Input for this task >>

Definition proj_head : 'M[R]_(s, d) := \matrix_(a, j) (a == j :> nat)%:R.

Lemma tail_free_proj_head : tail_free proj_head.
Proof.
move=> a j sj; rewrite mxE; case: eqP => // aj.
by move: (ltn_ord a); rewrite aj ltnNge sj.
Qed.

Lemma head_proj_head : head proj_head = 1%:M.
Proof. by apply/matrixP => a j; rewrite !mxE. Qed.

Lemma loss_proj_head (lam : R) : loss s lam (fun x => proj_head *m x) = 0.
Proof.
rewrite loss_tail_free; last exact: tail_free_proj_head.
rewrite head_proj_head trmx1 mulmx1.
by rewrite big1 ?mulr0 // => a _; apply: big1 => b _; rewrite mxE subrr expr0n.
Qed.

Lemma gram_head_of_loss_le0 k (U : 'M[R]_(k, d)) (lam : R) :
  0 < lam -> tail_free U -> loss s lam (fun x => U *m x) <= 0 ->
  head U *m (head U)^T = 1%:M.
Proof.
move=> lam0 tfU; rewrite loss_tail_free // pmulr_rle0 // => S_le0.
apply/eqP; rewrite -subr_eq0; apply/eqP/sum_sqr_mx_eq0.
apply/eqP; rewrite eq_le (le_trans _ S_le0) /=; last first.
  by apply: ler_sum => a _; apply: ler_sum => b _; rewrite !mxE.
by apply: sumr_ge0 => a _; apply: sumr_ge0 => b _; exact: sqr_ge0.
Qed.

(* [A A^T = 1] gives [A^T A = 1], so the probe [w = A e_i] reads off [x_i]. *)
Lemma probe_err_orthogonal_head (U : 'M[R]_(s, d)) (i : 'I_d) (is_ : (i < s)%N) :
  tail_free U -> head U *m (head U)^T = 1%:M ->
  probe_err s i (fun x => U *m x) (head U *m delta_mx (Ordinal is_) 0) = 0%:E.
Proof.
move=> tfU AAt; have AtA := mulmx1C AAt; set e_i := delta_mx _ _.
rewrite /probe_err (@E_data_supported_cst _ _ _ _ (fun=> 0)) ?big1 ?mulr0 //.
move=> xb tau _; rewrite label_aug // tail_free_mul_aug //.
have -> : \sum_a (head U *m e_i) a 0 * (head U *m signs xb) a 0 =
    ((head U *m e_i)^T *m (head U *m signs xb)) 0 0.
  by rewrite !mxE; apply: eq_bigr => a _; rewrite !mxE.
rewrite trmx_mul trmx_delta mulmxA -(mulmxA _ _ (head U)) AtA mulmx1 -rowE !mxE.
have -> : widen_ord le_sd (Ordinal is_) = i by apply: val_inj.
by rewrite subrr expr0n.
Qed.

End tail_free_features.

Section alignment_term.
Variables (R : realType) (d s k : nat) (U : 'M[R]_(k, d)).
Local Notation m := (d - s)%N.
Local Notation align_err :=
  (fun x x' : 'cV[R]_d => (sqnorm (U *m x - U *m x'))%:E).

Lemma mul_aug_subr_entry xb (tau tau' : nat -> R) a :
  (U *m aug s xb tau - U *m aug s xb tau') a 0 =
  \sum_(j < d) (if (s <= j)%N
                then U a j * pm R (xb j) * (tau (j - s)%N - tau' (j - s)%N)
                else 0).
Proof.
rewrite !mxE -sumrB; apply: eq_bigr => j _.
case: ltnP => js; first by rewrite !aug_head // subrr.
by rewrite !aug_tail // -mulrBr -mulrBl mulrA mulrAC.
Qed.

Lemma sqnorm_mul_aug_subr_le xb (tau tau' : nat -> R) :
  supported m tau -> supported m tau' ->
  sqnorm (U *m aug s xb tau - U *m aug s xb tau') <= \sum_a (\sum_j `|U a j|) ^+ 2.
Proof.
move=> htau htau'; apply: ler_sum => a _; rewrite mul_aug_subr_entry.
set x := \sum_j _; set b := \sum_j _.
have x_le : `|x| <= b.
  apply: le_trans (ler_norm_sum _ _ _) (ler_sum _ _) => j _.
  case: ifP => sj; last by rewrite normr0.
  have /andP[t_ge t_le] := supported_tail htau sj.
  have /andP[t'_ge t'_le] := supported_tail htau' sj.
  rewrite !normrM normr_pm mulr1 -[leRHS]mulr1 ler_wpM2l // ler_norml.
  by apply/andP; split; lra.
have b_ge0 : 0 <= b by apply: le_trans x_le.
by move: x_le; rewrite ler_norml => /andP[]; nra.
Qed.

Task to complete >> Every line above in which the word "subrr" occurs is to be copied.

Response area >>
by rewrite big1 ?mulr0 // => a _; apply: big1 => b _; rewrite mxE subrr expr0n.
by rewrite subrr expr0n.
case: ltnP => js; first by rewrite !aug_head // subrr.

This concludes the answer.